We got in the car, and I put my seat belt on, and gave Brennen a smile. He sighed, and asked me if I could ever get over my fear of heights and people disliking me. I gave him a weird look, and said "No.... it's a part of my personality?". He sighed again, and said "I... I... I want to break up."

I was shocked beyond belief. Here I was expecting a romantic date in the city, and how I had all of these things to tell him... just earlier today I was thinking about our wedding.... and how I wanted to ask him if we had to wait 9 years, because I wasn't sure if I wanted to make my mother wait that long. I was also so glad we were getting so close to our 1 year.... I was going to be so happy, I was so.... proud.
Stupid things, stupid little things....

I gave him back my promise ring, and asked why after all I had done for him, forgiven him about the cheating. The only thing he said back was "This isn't about the cheating"
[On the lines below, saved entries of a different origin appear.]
Lemma inevitable_maxpaths A B x : (forall v, A v -> ~ B v) ->
  inevitable A B x -> maxpaths_meet_before A B x.
Proof.
move=> AnB; elim=> {x} [x Ax | x nBx [y0 Exy0] _ IH]; split.
- by move=> s _; exists 0; split=> // j; rewrite leqn0 => /eqP ->; apply: AnB.
- move=> f [f0 _]; exists 0; rewrite f0; split=> // j.
  by rewrite leqn0 => /eqP ->; rewrite f0; apply: AnB.
- move=> [|y s] [/= Exs dead]; first by move: (dead y0); rewrite Exy0.
  move/andP: Exs => [Exy Eys].
  have [i [isz Ai nB]] := (IH y Exy).1 s (conj Eys dead).
  exists i.+1; split=> //=; first by rewrite (set_nth_default y).
  case=> [|j] //= ji; rewrite (set_nth_default y); last exact: leq_ltn_trans isz.
  exact: nB.
- move=> f [f0 Ef].
  have Ex1 : E x (f 1) by rewrite -f0; apply: Ef.
  have [i [Ai nB]] := (IH _ Ex1).2 (fun i => f i.+1) (conj erefl (fun i => Ef i.+1)).
  by exists i.+1; split=> // [[|j]] ji; [rewrite f0 | apply: nB].
Qed.

Lemma path_traject (g : V -> V) x n :
  (forall k, k < n -> E (iter k g x) (iter k.+1 g x)) -> path E x (traject g (g x) n).
Proof.
elim: n x => [|n IH] x //= En; rewrite (En 0) //=.
by apply: IH => k kn; rewrite -!iterSr; apply: En.
Qed.

Lemma escape A B x : ~ inevitable A B x ->
  (exists s, [/\ path E x s, forall v, v \in x :: s -> ~ A v &
     B (last x s) \/ forall y, ~~ E (last x s) y]) \/
  (exists f, infinite_path E x f /\ forall i, ~ A (f i)).
Proof.
move=> nIx; pose stop v := B v \/ forall y, ~~ E v y.
have step v : ~ inevitable A B v -> ~ stop v -> exists2 y, E v y & ~ inevitable A B y.
  move=> nIv nsv; apply: contrapT => none; apply: nIv.
  apply: inevitable_later => [Bv | | y Evy]; first by apply: nsv; left.
    apply: contrapT => nex; apply: nsv; right => y.
    by apply/negP => Evy; apply: nex; exists y.
  by apply: contrapT => nIy; apply: none; exists y.
have /choice [g gP] : forall v, exists y, ~ inevitable A B v -> ~ stop v ->
                 E v y /\ ~ inevitable A B y.
  move=> v; have [nIv | Iv] := pselect (~ inevitable A B v); last by exists v.
  have [nsv | sv] := pselect (~ stop v); last by exists v.
  by have [y Evy nIy] := step v nIv nsv; exists y.
pose f i := iter i g x.
have escaping i : (forall k, k < i -> ~ stop (f k)) -> ~ inevitable A B (f i).
  elim: i => [//|i IH] ns; have nIi := IH (fun k ki => ns k (ltnW ki)).
  exact: (gP _ nIi (ns i (ltnSn i))).2.
have edge i : (forall k, k <= i -> ~ stop (f k)) -> E (f i) (f i.+1).
  by move=> ns; apply: (gP _ (escaping i (fun k ki => ns k (ltnW ki))) (ns i (leqnn i))).1.
have noA i : (forall k, k < i -> ~ stop (f k)) -> ~ A (f i).
  by move=> ns Ai; apply: (escaping i ns); apply: inevitable_now.
have [[i0 si0] | nstop] := pselect (exists i, stop (f i)).
- have : exists i, `[< stop (f i) >] by exists i0; apply/asboolP.
  case/ex_minnP => i /asboolP si imin.
  have ns k : k < i -> ~ stop (f k).
    by move=> ki sk; have := imin k (asboolT sk); rewrite leqNgt ki.
  left; exists (traject g (g x) i); split.
  + by apply: path_traject => k ki; apply: edge => j jk; apply: ns (leq_ltn_trans jk ki).
  + rewrite -trajectS => v /trajectP [k ki ->].
    by apply: noA => j jk; apply: ns (leq_trans jk _).
  + by rewrite last_traject.
- have ns k : ~ stop (f k) by move=> sk; apply: nstop; exists k.
  by right; exists f; split=> [|i]; [split=> // i; apply: edge | apply: noA].
Qed.

Lemma maxpath_exists x :
  (exists s, finite_maxpath E x s) \/ (exists f, infinite_path E x f).
Proof.
have nI : ~ inevitable (fun=> False) (fun=> False) x.
  by elim=> // y _ [z Ez] _ IH; apply: (IH z).
case: (escape nI) => [[s [Es _ [//|dead]]] | [f [f_inf _]]].
  by left; exists s.
by right; exists f.
Qed.

Lemma maxpath_extend x s : path E x s ->
  (exists t, finite_maxpath E x (s ++ t)) \/
  (exists f, infinite_path E x f /\ forall i, i <= size s -> f i = nth x (x :: s) i).
Proof.
move=> Es.
case: (maxpath_exists (last x s)) => [[t [Et dead]] | [h [h0 Eh]]].
  by left; exists t; split; rewrite ?cat_path ?last_cat ?Es.
right; exists (fun i => if i <= size s then nth x (x :: s) i else h (i - size s)).
split=> [|i ->//]; split=> // i /=; case: (ltngtP i (size s)) => iS.
- by move/pathP: Es => /(_ x i iS).
- by rewrite subSn ?Eh // ltnW.
- by rewrite iS subSn // subnn nth_cons_size -h0 Eh.
Qed.

Lemma maxpaths_inevitable A B x : maxpaths_meet_before A B x -> inevitable A B x.
Proof.
move=> [Hfin Hinf]; apply: contrapT => /escape [[s [Es nA [Bl | dead]]] | [f [f_inf nA]]].
- have bad (g : nat -> V) i : (forall k, k <= size s -> g k = nth x (x :: s) k) ->
      A (g i) -> (forall j, j <= i -> ~ B (g j)) -> False.
    move=> gE Ai nB; case: (leqP i (size s)) => iS.
      by apply: (nA (g i)); rewrite // gE // mem_nth.
    by apply: (nB (size s) (ltnW iS)); rewrite gE // nth_cons_size.
  case: (maxpath_extend Es) => [[t /Hfin [i [_ Ai nB]]] | [f [/Hinf [i [Ai nB]] fE]]].
    apply: (bad (nth x (x :: s ++ t)) i) => // k ks.
    by rewrite -cat_cons nth_cat /= ltnS ks.
  exact: (bad f i).
- by have [i [isz Ai _]] := Hfin _ (conj Es dead); apply: (nA _ (mem_nth x isz)).
- by have [i [Ai _]] := Hinf _ f_inf; apply: (nA i).
Qed.

Lemma inevitable_succ A B x : inevitable A B x -> ~ A x ->
  ~ B x /\ forall y, E x y -> inevitable A B y.
Proof. by case. Qed.

Lemma inevitable_path A B x s : inevitable A B x -> path E x s ->
  (forall v, v \in belast x s -> ~ A v) -> inevitable A B (last x s).
Proof.
elim: s x => [|y s IH] x Ix //= /andP [Exy Eys] nA.
apply: IH => [|//|v vs]; last by apply: nA; rewrite inE vs orbT.
by apply: (inevitable_succ Ix (nA x (mem_head _ _))).2.
Qed.

Lemma inevitable_reach A B x : inevitable A B x -> exists s, path E x s /\ A (last x s).
Proof.
elim=> {x} [x Ax | x _ [y Exy] _ IH]; first by exists [::].
by have [s [Eys As]] := IH y Exy; exists (y :: s); rewrite /= Exy Eys.
Qed.

Lemma inevitable_cycle A B x c : inevitable A B x -> ~ A x -> path E x c ->
  c != [::] -> last x c = x -> (forall v, v \in c -> ~ A v) -> False.
Proof.
move=> Ix; elim: Ix c => {x} [//|x _ _ _ IH] [//|y c] nAx /= /andP [Exy Eyc] _ lc nA.
apply: (IH y Exy (rcons c y)); first by apply: nA; rewrite mem_head.
- by rewrite rcons_path Eyc lc.
- by rewrite -size_eq0 size_rcons.
- by rewrite last_rcons.
move=> v; rewrite mem_rcons inE => /orP [/eqP -> | vc]; apply: nA; first exact: mem_head.
by rewrite inE vc orbT.
Qed.
(* Let $h=8/15$, $a=3/15$, and for $p,q,r\in(0,1/36)$ let $K_{pqr}$ be the attractor of $\mathcal S_{pqr}=\{S_1,\dots,S_6\}$ with $S_1(x)=px$, $S_2(x)=a+rx$, $S_3(x)=h-qx$, $S_4(x)=h-r+rx$, $S_5(x)=1-a-rx$, $S_6(x)=1-r+rx$. Say $\mathcal S_{pqr}$ has unique one-point intersection if $S_3(K_{pqr})\cap S_4(K_{pqr})=\{h\}$. Then for each $r\in(0,1/36)$, the set of $(p,q)\in(0,r)^2$ for which $\mathcal S_{pqr}$ has unique one-point intersection has full Lebesgue measure in $(0,r)^2$, and for each $p\in(0,r)$ the set of $q\in(0,r)$ for which $\mathcal S_{pqr}$ has unique one-point intersection has full Lebesgue measure in $(0,r)$.
   Context: By construction, all pieces $S_i(K_{pqr})$, $i=1,\dots,6$, are pairwise disjoint except possibly $S_3(K_{pqr})$ and $S_4(K_{pqr})$, whose intersection always contains $h$. *)

From HB Require Import structures.
From mathcomp Require Import all_boot all_order all_algebra.
From mathcomp Require Import all_classical all_reals all_analysis.
Set Implicit Arguments. Unset Strict Implicit. Unset Printing Implicit Defensive.
Import Order.TTheory GRing.Theory Num.Theory.
Import numFieldNormedType.Exports.
Local Open Scope classical_set_scope.
Local Open Scope ring_scope.

Section Defs.
Variable R : realType.

Definition hh : R := 8 / 15.
Definition aa : R := 3 / 15.

(* The six maps S_1, ..., S_6 of S_pqr, indexed by i : 'I_6 (i = 0..5 <-> S_1..S_6). *)
Definition Smap (p q r : R) (i : 'I_6) (x : R) : R :=
  match val i with
  | 0 => p * x
  | 1 => aa + r * x
  | 2 => hh - q * x
  | 3 => hh - r + r * x
  | 4 => 1 - aa - r * x
  | _ => 1 - r + r * x
  end.

(* K is the attractor of S_pqr: the nonempty compact set with
   K = S_1(K) u ... u S_6(K) (unique by Hutchinson's theorem). *)
Definition is_attractor (p q r : R) (K : set R) : Prop :=
  compact K /\ K !=set0 /\ K = \bigcup_(i in [set: 'I_6]) (Smap p q r i @` K).

Definition unique_one_point (p q r : R) : Prop :=
  forall K, is_attractor p q r K ->
    (Smap p q r (inord 2) @` K) `&` (Smap p q r (inord 3) @` K) = [set hh].
End Defs.

(* If S_3(K) and S_4(K) share a point other than h, it is h - q y = h - r (1 - z) with
   y, z in K, so q y = r w with y, w = 1 - z > 0.  Near 0 the set K is p K and near 1 it is
   1 - r (1 - K), so zooming by powers of p and r moves y and w above a = 3/15 and turns the
   relation into c q y = w with c = p^i / r^(j+1).  Approximating y and 1 - w by points
   Y_s(q), Y_t(q) of K indexed by words s, t of length n (36^n pairs) gives
   |c q Y_s(q) - (1 - Y_t(q))| <= 6 r^n.  As q |-> Y(q) is 2-Lipschitz while
   c (Y_s - 2 q) >= 3, this defect grows at rate at least 1 in q (transversality), so for
   fixed p, i, j, s, t the admissible q lie in a set of diameter 12 r^n.  The exceptional q
   for given p therefore have measure at most 24 (36 r)^n for all n, i.e. zero because
   36 r < 1, and the planar statement follows by integrating these sections. *)

From HB Require Import structures.
From mathcomp Require Import all_boot all_order all_algebra.
From mathcomp Require Import all_classical all_reals all_analysis.
From mathcomp Require Import measurable_realfun.
From mathcomp Require Import ring lra.
Import Order.TTheory GRing.Theory Num.Theory.
Import numFieldNormedType.Exports.
Local Open Scope classical_set_scope.
Local Open Scope ring_scope.
Set Implicit Arguments. Unset Strict Implicit.

Lemma exists_expr_mul_lt (R : realType) (x c e : R) : 0 <= x < 1 -> 0 < e ->
  exists N, x ^+ N * c < e.
Proof.
move=> /andP[x0 x1] e0.
have x_lt1 : `|x| < 1 by rewrite ger0_norm.
have xc0 : (fun n => x ^+ n * c) @ \oo --> 0.
  by rewrite -(mul0r c); apply: cvgM; [exact: cvg_expr | exact: cvg_cst].
have [N _ HN] := cvgr_lt _ xc0 _ e0.
by exists N; apply: HN => /=.
Qed.

Lemma closed_approx (R : realType) (A : set R) (c : R) : closed A ->
  (forall e, 0 < e -> exists2 y, A y & `|c - y| < e) -> A c.
Proof.
move=> Acl Aapprox; apply: Acl => B /nbhs_ballP[e e0 eB].
have [y Ay cy] := Aapprox e e0; exists y; split => //; apply: eB.
by rewrite -ball_normE.
Qed.

Lemma exists_rescale_ge (R : realType) (P : R -> Prop) (rho b : R) : 0 < rho < 1 ->
  (forall u, P u -> u <= 1) -> (forall u, P u -> 0 < u < b -> P (u / rho)) ->
  forall u, P u -> 0 < u -> exists i, P (u / rho ^+ i) /\ b <= u / rho ^+ i.
Proof.
move=> /andP[rho0 rho1] P_le1 P_div u Pu u0.
have rho01 : 0 <= rho < 1 by rewrite ltW.
have [N] := exists_expr_mul_lt 1 rho01 u0.
rewrite mulr1; elim: N u u0 Pu => [|N IH] u u0 Pu uN.
  by move: uN; rewrite expr0 => /lt_le_trans/(_ (P_le1 u Pu)); rewrite ltxx.
have [bu|ub] := leP b u; first by exists 0%N; rewrite expr0 divr1.
have Pu' : P (u / rho) by apply: P_div => //; rewrite u0 ub.
have uN' : rho ^+ N < u / rho by rewrite ltr_pdivlMr // mulrC -exprS.
have [i [Pi bi]] := IH _ (divr_gt0 u0 rho0) Pu' uN'.
by exists i.+1; rewrite exprS invfM mulrA.
Qed.

(* Splits into the six maps, plus a vacuous seventh case (i >= 6) on which Smap acts as S_6. *)
Ltac case_Smap i := case: i => -[|[|[|[|[|[|?]]]]]] ?; rewrite /Smap /hh /aa /=.

Section Maps.
Variables (R : realType) (r : R).
Hypothesis hr : 0 < r < 1/36.

Lemma Smap_lipschitz p q i x y : 0 <= p <= r -> 0 <= q <= r ->
  `|Smap p q r i x - Smap p q r i y| <= r * `|x - y|.
Proof.
move=> /andP[p0 pr] /andP[q0 qr].
have xy := ler_norm (x - y); have yx : y - x <= `|x - y| by rewrite distrC ler_norm.
rewrite ler_norml; case_Smap i; apply/andP; split; nra.
Qed.

Lemma Smap_ge0_le1 p q i x : 0 <= p <= r -> 0 <= q <= r -> 0 <= x <= 1 ->
  0 <= Smap p q r i x <= 1.
Proof.
move=> /andP[p0 pr] /andP[q0 qr] /andP[x0 x1]; have /andP[_ r_lt] := hr.
have r0 : 0 <= r := le_trans p0 pr.
have px : p * x <= p by apply: ler_piMr.
have qx : q * x <= q by apply: ler_piMr.
have rx : r * x <= r by apply: ler_piMr.
have := mulr_ge0 p0 x0; have := mulr_ge0 q0 x0; have := mulr_ge0 r0 x0.
case_Smap i => *; apply/andP; split; lra.
Qed.

Lemma Smap_near01 p q i x D : 0 <= p <= r -> 0 <= q <= r -> 0 <= D ->
  - D <= x <= 1 + D -> - (r * D) <= Smap p q r i x <= 1 + r * D.
Proof.
move=> /andP[p0 pr] /andP[q0 qr] D0 /andP[Dx xD]; have /andP[_ r_lt] := hr.
case_Smap i; apply/andP; split; nra.
Qed.

Lemma Smap_lipschitz_q p q1 q2 i x1 x2 : 0 <= p <= r -> 0 <= q1 <= r -> 0 <= q2 <= r ->
  `|x2| <= 1 ->
  `|Smap p q2 r i x2 - Smap p q1 r i x1| <= `|q2 - q1| + r * `|x2 - x1|.
Proof.
move=> /andP[p0 pr] /andP[q10 q1r] /andP[q20 q2r] x2_le1.
have x21 := ler_norm (x2 - x1); have x12 : x1 - x2 <= `|x2 - x1| by rewrite distrC ler_norm.
have q21 := ler_norm (q2 - q1); have q12 : q1 - q2 <= `|q2 - q1| by rewrite distrC ler_norm.
have := ler_norm x2; have : - x2 <= `|x2| by rewrite -normrN ler_norm.
rewrite ler_norml; case_Smap i => *; apply/andP; split; nra.
Qed.

Definition word_point p q (s : seq 'I_6) : R := foldr (Smap p q r) 0 s.

Lemma word_point_ge0_le1 p q s : 0 <= p <= r -> 0 <= q <= r ->
  0 <= word_point p q s <= 1.
Proof.
move=> hp hq; elim: s => [|i s IH] /=; first by rewrite lexx ler01.
exact: Smap_ge0_le1.
Qed.

Lemma word_point_lipschitz_q p q1 q2 s : 0 <= p <= r -> 0 <= q1 <= r -> 0 <= q2 <= r ->
  `|word_point p q2 s - word_point p q1 s| <= 2 * `|q2 - q1|.
Proof.
move=> hp hq1 hq2; elim: s => [|i s IH] /=; first by rewrite subrr normr0 mulr_ge0.
have /andP[y0 y1] := word_point_ge0_le1 s hp hq2.
apply: le_trans (Smap_lipschitz_q i _ hp hq1 hq2 _) _; first by rewrite ger0_norm.
have := normr_ge0 (q2 - q1); case/andP: hr; nra.
Qed.

(* Level-n trace of the relation c q y = w between zoomed points y, 1 - w of K. *)
Definition approx_coincidence (c p q : R) (n : nat) (s t : seq 'I_6) : Prop :=
  aa R - r ^+ n <= word_point p q s /\ aa R - r ^+ n <= 1 - word_point p q t /\
  `|c * q * word_point p q s - (1 - word_point p q t)| <= 6 * r ^+ n.

End Maps.

Section Attractor.
Variables (R : realType) (p q r : R) (K : set R).
Hypotheses (hp : 0 <= p <= r) (hq : 0 <= q <= r) (hr : 0 < r < 1/36).
Hypothesis K_attractor : is_attractor p q r K.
I couldn't take it anymore. I got out of the car, choked out "I still love you", slammed the car door and ran sobbing to my front door, where I collapsed on the floor crying for an hour. I stopped to change my facebook status, knowing that I couldn't change his mind, and that I didn't want to. I had obviously lost him months ago when he cheated. If he was happy in our relationship, and he was happy being long distance. But he's been gone, and it kills me inside.

So many things have gone through my head. I threw away all his love letters, his Christmas present, and then hid his prom picture, and any other small gifts, like bracelets, tea mugs.... Then I deleted all of the pictures of him in my phone, dating back to the day he gave my the carved tree with the words "May our love grow forever".
Bull. Shit. Because according to him.... I'm not marriage material.
It all feels like a lie... like some big ruse... so many broken promises..... why even buy me a ring?

I have so many things I wish I could have said. Like the fact that the first time we had sex... my first time, I wasn't even ready, I just did it because... well, I thought it would strengthen our relationship. Now I just regret it entirely, I should have saved it for someone special.

I'm just so... burnt right now. I spent the entire night staring at my ceiling wondering what I would do. I thought about converting to the catholic religion and becoming a nun.... I thought of my trip to Honduras this spring, and how I could do something stupid on purpose and get myself shot.... or fall off the cliff at Linda Mar Beach.... then I decided I was going to be a cat lady. I already have one cat... what's stopping me from getting 19 more? I don't want to love again.... I get burnt by sweet guys who turn into assholes every single time. My first boyfriend was nice, then broke up with my on our 6th month because he failed his drivers test. My second boyfriend... I dated him for 2 years and 7 months.... became a bisexual bipolar and he told me I had no redeeming qualities whatsoever because I asked him if he wanted to take a break to explore his sexuality. I dated a rich guy who showered me with gifts and affection.... he's probably the only guy who came out the sweetest, because he understood my problems and was willing to wait and let me breathe. And now Brennen... a sweet gentleman with.... I guess a roving eye and a hidden rudeness that could shock anyone.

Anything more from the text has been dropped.